* WORK ITEM
Transcribe the records word for word, beginning with the first line and ending with the line that contains "if x.1 == y.1 then stack_adj x.2 y.2"; include nothing else.

──────── RECORDS SHOWN

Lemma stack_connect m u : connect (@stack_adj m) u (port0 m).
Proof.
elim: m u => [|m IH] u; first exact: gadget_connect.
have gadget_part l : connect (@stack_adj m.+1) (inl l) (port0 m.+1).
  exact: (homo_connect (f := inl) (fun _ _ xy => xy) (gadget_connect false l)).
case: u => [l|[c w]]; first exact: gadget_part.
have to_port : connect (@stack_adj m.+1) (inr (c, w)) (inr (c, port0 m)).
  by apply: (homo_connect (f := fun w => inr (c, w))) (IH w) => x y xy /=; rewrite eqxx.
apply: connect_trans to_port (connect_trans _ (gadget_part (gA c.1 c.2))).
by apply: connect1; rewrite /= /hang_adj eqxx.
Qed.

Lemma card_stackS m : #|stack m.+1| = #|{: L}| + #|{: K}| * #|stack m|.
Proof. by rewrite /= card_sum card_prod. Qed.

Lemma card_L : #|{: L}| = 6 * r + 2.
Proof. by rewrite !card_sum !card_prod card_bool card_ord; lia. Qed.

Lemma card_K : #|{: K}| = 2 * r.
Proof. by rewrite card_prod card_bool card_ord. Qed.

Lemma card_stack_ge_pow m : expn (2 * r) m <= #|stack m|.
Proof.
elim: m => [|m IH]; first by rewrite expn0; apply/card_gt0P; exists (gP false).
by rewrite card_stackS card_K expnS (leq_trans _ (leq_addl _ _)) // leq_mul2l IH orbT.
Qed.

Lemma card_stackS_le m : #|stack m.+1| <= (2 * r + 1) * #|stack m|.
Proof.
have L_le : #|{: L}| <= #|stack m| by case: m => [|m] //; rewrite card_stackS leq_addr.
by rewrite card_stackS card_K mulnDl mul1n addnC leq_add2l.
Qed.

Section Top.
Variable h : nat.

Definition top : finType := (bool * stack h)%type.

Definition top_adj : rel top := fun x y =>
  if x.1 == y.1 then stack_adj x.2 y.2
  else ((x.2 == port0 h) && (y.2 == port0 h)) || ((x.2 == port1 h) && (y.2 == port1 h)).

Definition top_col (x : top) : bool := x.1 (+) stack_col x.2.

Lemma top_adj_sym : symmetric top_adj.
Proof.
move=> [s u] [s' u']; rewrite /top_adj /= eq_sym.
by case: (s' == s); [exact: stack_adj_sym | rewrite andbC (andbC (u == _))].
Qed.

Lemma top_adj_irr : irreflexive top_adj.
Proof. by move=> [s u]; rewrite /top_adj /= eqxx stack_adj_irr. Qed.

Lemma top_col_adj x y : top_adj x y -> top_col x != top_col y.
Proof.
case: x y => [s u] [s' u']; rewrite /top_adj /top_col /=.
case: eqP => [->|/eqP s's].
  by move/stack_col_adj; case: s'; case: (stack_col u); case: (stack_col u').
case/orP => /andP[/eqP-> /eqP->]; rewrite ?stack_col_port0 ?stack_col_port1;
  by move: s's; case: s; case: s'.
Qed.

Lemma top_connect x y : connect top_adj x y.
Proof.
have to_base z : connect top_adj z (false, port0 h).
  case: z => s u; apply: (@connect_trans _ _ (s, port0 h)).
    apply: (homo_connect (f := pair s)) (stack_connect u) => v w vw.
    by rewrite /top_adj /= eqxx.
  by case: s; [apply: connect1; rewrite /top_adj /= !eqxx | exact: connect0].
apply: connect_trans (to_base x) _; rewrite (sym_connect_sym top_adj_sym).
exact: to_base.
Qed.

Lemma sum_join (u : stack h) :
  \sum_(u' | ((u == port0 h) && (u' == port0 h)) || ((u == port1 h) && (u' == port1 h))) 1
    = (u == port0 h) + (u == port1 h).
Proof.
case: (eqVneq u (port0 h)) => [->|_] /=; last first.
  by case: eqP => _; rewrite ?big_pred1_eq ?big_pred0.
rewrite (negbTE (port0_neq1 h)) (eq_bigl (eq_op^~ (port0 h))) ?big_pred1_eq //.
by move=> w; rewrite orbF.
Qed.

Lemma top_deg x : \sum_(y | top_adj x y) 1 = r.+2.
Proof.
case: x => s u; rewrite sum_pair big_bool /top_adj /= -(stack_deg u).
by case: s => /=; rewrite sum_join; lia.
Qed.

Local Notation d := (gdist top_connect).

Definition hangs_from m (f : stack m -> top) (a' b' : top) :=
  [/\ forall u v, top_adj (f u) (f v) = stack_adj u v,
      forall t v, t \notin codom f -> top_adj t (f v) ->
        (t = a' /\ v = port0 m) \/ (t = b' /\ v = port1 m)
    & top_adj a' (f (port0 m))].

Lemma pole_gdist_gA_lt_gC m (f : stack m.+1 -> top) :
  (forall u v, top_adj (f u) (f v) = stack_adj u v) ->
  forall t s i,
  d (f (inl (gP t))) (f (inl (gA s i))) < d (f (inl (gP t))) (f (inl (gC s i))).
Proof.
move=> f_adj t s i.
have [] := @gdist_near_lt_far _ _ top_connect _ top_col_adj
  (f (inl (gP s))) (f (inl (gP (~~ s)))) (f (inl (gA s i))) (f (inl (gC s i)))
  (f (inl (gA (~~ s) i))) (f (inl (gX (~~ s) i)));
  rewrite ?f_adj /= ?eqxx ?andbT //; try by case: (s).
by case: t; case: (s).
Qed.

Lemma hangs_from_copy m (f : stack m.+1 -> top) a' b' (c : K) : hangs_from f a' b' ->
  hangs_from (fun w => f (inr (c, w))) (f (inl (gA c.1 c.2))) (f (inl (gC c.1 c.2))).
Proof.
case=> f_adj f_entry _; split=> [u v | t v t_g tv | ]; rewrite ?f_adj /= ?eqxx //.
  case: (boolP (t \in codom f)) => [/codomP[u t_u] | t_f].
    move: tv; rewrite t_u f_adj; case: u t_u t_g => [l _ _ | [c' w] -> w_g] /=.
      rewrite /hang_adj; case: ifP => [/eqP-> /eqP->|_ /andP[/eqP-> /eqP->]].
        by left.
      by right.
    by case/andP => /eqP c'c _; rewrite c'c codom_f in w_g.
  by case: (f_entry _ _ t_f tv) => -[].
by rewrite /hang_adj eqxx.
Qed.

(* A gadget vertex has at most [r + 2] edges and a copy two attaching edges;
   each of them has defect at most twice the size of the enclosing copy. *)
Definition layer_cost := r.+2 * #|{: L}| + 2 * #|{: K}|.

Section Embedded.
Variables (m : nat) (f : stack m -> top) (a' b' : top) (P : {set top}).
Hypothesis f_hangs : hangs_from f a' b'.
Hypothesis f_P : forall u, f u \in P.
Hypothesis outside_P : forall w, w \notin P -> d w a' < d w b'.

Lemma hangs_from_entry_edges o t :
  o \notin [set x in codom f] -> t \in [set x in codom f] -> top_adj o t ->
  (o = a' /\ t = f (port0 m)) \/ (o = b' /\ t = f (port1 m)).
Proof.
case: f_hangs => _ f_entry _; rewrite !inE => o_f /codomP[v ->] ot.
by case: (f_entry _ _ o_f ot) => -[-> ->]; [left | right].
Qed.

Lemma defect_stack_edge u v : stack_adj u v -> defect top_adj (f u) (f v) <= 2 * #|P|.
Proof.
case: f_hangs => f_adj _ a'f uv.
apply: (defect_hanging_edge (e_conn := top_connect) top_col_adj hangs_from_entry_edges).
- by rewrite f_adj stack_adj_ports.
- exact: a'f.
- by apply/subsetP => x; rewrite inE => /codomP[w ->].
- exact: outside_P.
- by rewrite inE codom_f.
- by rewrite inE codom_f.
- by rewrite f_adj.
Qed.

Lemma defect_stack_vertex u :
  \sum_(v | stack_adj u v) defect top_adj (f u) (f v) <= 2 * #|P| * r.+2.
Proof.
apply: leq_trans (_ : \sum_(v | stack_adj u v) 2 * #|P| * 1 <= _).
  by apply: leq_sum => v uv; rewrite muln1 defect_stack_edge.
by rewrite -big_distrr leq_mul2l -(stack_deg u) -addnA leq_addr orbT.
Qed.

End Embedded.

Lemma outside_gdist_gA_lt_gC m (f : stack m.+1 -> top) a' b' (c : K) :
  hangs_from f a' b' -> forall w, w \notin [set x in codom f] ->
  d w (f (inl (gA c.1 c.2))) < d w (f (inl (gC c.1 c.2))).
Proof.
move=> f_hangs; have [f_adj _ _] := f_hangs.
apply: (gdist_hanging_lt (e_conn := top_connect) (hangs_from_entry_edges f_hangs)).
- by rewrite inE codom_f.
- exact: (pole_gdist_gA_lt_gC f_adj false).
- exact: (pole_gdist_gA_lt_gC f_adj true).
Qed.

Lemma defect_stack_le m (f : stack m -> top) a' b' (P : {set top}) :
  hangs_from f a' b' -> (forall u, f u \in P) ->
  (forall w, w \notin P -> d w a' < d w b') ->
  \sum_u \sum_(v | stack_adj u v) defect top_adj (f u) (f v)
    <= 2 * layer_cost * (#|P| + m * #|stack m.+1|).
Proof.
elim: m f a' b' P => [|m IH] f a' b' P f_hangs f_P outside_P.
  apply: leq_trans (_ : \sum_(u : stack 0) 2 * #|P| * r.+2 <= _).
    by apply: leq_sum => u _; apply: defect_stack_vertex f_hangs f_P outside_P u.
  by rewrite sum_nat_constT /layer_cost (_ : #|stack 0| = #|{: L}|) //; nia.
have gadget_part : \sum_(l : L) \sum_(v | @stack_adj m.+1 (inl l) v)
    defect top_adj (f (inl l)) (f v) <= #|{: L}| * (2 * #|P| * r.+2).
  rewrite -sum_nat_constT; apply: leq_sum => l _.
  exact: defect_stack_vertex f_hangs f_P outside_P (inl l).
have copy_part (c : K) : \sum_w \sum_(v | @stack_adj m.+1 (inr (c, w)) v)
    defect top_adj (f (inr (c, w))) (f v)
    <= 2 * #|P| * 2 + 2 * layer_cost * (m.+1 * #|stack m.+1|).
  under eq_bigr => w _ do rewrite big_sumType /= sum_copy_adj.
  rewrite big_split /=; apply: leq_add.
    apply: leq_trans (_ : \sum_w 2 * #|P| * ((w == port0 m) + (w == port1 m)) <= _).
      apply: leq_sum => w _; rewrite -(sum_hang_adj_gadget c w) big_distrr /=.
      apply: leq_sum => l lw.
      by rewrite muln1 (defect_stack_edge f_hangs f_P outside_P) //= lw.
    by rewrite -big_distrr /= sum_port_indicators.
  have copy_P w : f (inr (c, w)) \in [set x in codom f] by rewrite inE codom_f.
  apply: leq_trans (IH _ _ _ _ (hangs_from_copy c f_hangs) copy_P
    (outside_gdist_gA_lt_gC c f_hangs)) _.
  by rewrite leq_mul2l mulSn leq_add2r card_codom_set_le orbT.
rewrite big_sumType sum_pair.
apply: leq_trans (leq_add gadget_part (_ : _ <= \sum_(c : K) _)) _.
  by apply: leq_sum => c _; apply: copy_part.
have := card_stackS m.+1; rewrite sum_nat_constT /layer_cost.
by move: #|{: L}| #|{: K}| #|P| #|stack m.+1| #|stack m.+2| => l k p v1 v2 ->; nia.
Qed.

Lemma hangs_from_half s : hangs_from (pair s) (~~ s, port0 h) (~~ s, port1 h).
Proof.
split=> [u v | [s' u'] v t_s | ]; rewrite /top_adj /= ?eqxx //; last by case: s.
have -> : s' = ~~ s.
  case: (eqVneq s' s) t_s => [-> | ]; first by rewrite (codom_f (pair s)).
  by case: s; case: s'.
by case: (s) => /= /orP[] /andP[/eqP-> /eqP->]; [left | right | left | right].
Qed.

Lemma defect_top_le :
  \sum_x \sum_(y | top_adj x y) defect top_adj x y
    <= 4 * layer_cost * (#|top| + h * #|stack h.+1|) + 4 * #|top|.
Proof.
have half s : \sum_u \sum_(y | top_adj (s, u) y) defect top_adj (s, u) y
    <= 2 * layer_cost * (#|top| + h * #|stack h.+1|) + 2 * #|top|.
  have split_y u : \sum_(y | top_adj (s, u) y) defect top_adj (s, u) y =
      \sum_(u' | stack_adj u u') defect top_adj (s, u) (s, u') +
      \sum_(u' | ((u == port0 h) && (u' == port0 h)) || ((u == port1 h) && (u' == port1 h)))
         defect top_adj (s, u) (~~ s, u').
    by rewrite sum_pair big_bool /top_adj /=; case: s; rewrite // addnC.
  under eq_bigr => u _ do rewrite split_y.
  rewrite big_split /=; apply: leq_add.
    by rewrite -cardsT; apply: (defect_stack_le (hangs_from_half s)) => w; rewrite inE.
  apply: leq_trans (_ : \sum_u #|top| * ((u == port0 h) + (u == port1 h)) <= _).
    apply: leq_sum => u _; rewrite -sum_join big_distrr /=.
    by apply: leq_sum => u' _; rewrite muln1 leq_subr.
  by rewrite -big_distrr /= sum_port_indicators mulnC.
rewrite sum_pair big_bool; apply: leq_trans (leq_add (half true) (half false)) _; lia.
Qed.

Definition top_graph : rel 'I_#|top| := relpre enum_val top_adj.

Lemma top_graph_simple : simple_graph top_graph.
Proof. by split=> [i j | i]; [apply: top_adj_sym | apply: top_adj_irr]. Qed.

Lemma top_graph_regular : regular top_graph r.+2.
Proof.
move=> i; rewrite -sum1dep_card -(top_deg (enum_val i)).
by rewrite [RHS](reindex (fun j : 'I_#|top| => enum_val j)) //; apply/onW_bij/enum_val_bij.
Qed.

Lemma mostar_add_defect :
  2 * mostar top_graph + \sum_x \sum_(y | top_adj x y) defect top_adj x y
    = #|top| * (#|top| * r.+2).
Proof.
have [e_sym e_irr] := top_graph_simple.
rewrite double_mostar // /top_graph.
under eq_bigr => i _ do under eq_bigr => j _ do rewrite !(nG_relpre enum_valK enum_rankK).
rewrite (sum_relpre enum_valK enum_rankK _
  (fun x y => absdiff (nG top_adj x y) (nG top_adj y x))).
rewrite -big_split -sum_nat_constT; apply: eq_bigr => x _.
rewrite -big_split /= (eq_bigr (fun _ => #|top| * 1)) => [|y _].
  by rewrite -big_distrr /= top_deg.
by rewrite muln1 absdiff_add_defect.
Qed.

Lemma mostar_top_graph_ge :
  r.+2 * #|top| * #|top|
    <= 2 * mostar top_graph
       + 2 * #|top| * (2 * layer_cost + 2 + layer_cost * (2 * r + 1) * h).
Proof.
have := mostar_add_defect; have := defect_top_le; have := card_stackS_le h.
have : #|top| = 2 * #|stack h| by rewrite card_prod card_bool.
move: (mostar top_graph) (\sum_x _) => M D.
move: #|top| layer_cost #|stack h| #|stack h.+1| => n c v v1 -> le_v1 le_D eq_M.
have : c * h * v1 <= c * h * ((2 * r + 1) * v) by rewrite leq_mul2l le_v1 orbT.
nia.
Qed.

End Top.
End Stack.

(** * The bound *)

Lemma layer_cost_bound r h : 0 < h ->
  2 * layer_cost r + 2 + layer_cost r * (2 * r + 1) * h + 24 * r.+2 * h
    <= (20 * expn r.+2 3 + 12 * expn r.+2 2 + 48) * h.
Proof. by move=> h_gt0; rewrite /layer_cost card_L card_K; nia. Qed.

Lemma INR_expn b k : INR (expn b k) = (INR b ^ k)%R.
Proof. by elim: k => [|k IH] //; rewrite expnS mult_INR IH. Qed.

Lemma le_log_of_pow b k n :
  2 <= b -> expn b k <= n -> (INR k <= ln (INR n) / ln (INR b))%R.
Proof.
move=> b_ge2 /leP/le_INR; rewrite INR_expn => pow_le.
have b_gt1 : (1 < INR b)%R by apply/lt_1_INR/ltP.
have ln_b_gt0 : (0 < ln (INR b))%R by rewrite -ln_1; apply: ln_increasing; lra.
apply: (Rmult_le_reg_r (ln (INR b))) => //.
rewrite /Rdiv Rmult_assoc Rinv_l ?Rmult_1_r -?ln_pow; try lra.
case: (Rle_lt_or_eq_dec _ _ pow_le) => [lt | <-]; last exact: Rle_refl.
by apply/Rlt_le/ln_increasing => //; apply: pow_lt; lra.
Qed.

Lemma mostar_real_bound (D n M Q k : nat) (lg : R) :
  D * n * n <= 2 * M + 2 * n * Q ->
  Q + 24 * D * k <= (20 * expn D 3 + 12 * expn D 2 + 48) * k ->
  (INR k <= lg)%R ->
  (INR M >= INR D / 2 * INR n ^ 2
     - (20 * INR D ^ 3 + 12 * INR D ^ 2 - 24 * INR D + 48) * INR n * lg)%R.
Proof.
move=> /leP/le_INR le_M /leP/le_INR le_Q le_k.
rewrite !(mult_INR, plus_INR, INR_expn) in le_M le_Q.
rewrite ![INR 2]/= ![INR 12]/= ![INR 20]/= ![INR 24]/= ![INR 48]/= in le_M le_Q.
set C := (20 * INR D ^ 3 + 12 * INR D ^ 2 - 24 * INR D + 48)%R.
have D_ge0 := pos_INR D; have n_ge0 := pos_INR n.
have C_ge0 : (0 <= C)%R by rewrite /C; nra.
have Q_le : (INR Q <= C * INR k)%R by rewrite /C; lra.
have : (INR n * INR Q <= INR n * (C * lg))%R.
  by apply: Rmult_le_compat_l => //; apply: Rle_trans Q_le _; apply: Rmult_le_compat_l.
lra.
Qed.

────────────────

* TASK OUTPUT
Lemma stack_connect m u : connect (@stack_adj m) u (port0 m).
Proof.
elim: m u => [|m IH] u; first exact: gadget_connect.
have gadget_part l : connect (@stack_adj m.+1) (inl l) (port0 m.+1).
  exact: (homo_connect (f := inl) (fun _ _ xy => xy) (gadget_connect false l)).
case: u => [l|[c w]]; first exact: gadget_part.
have to_port : connect (@stack_adj m.+1) (inr (c, w)) (inr (c, port0 m)).
  by apply: (homo_connect (f := fun w => inr (c, w))) (IH w) => x y xy /=; rewrite eqxx.
apply: connect_trans to_port (connect_trans _ (gadget_part (gA c.1 c.2))).
by apply: connect1; rewrite /= /hang_adj eqxx.
Qed.

Lemma card_stackS m : #|stack m.+1| = #|{: L}| + #|{: K}| * #|stack m|.
Proof. by rewrite /= card_sum card_prod. Qed.

Lemma card_L : #|{: L}| = 6 * r + 2.
Proof. by rewrite !card_sum !card_prod card_bool card_ord; lia. Qed.

Lemma card_K : #|{: K}| = 2 * r.
Proof. by rewrite card_prod card_bool card_ord. Qed.

Lemma card_stack_ge_pow m : expn (2 * r) m <= #|stack m|.
Proof.
elim: m => [|m IH]; first by rewrite expn0; apply/card_gt0P; exists (gP false).
by rewrite card_stackS card_K expnS (leq_trans _ (leq_addl _ _)) // leq_mul2l IH orbT.
Qed.

Lemma card_stackS_le m : #|stack m.+1| <= (2 * r + 1) * #|stack m|.
Proof.
have L_le : #|{: L}| <= #|stack m| by case: m => [|m] //; rewrite card_stackS leq_addr.
by rewrite card_stackS card_K mulnDl mul1n addnC leq_add2l.
Qed.

Section Top.
Variable h : nat.

Definition top : finType := (bool * stack h)%type.

Definition top_adj : rel top := fun x y =>
  if x.1 == y.1 then stack_adj x.2 y.2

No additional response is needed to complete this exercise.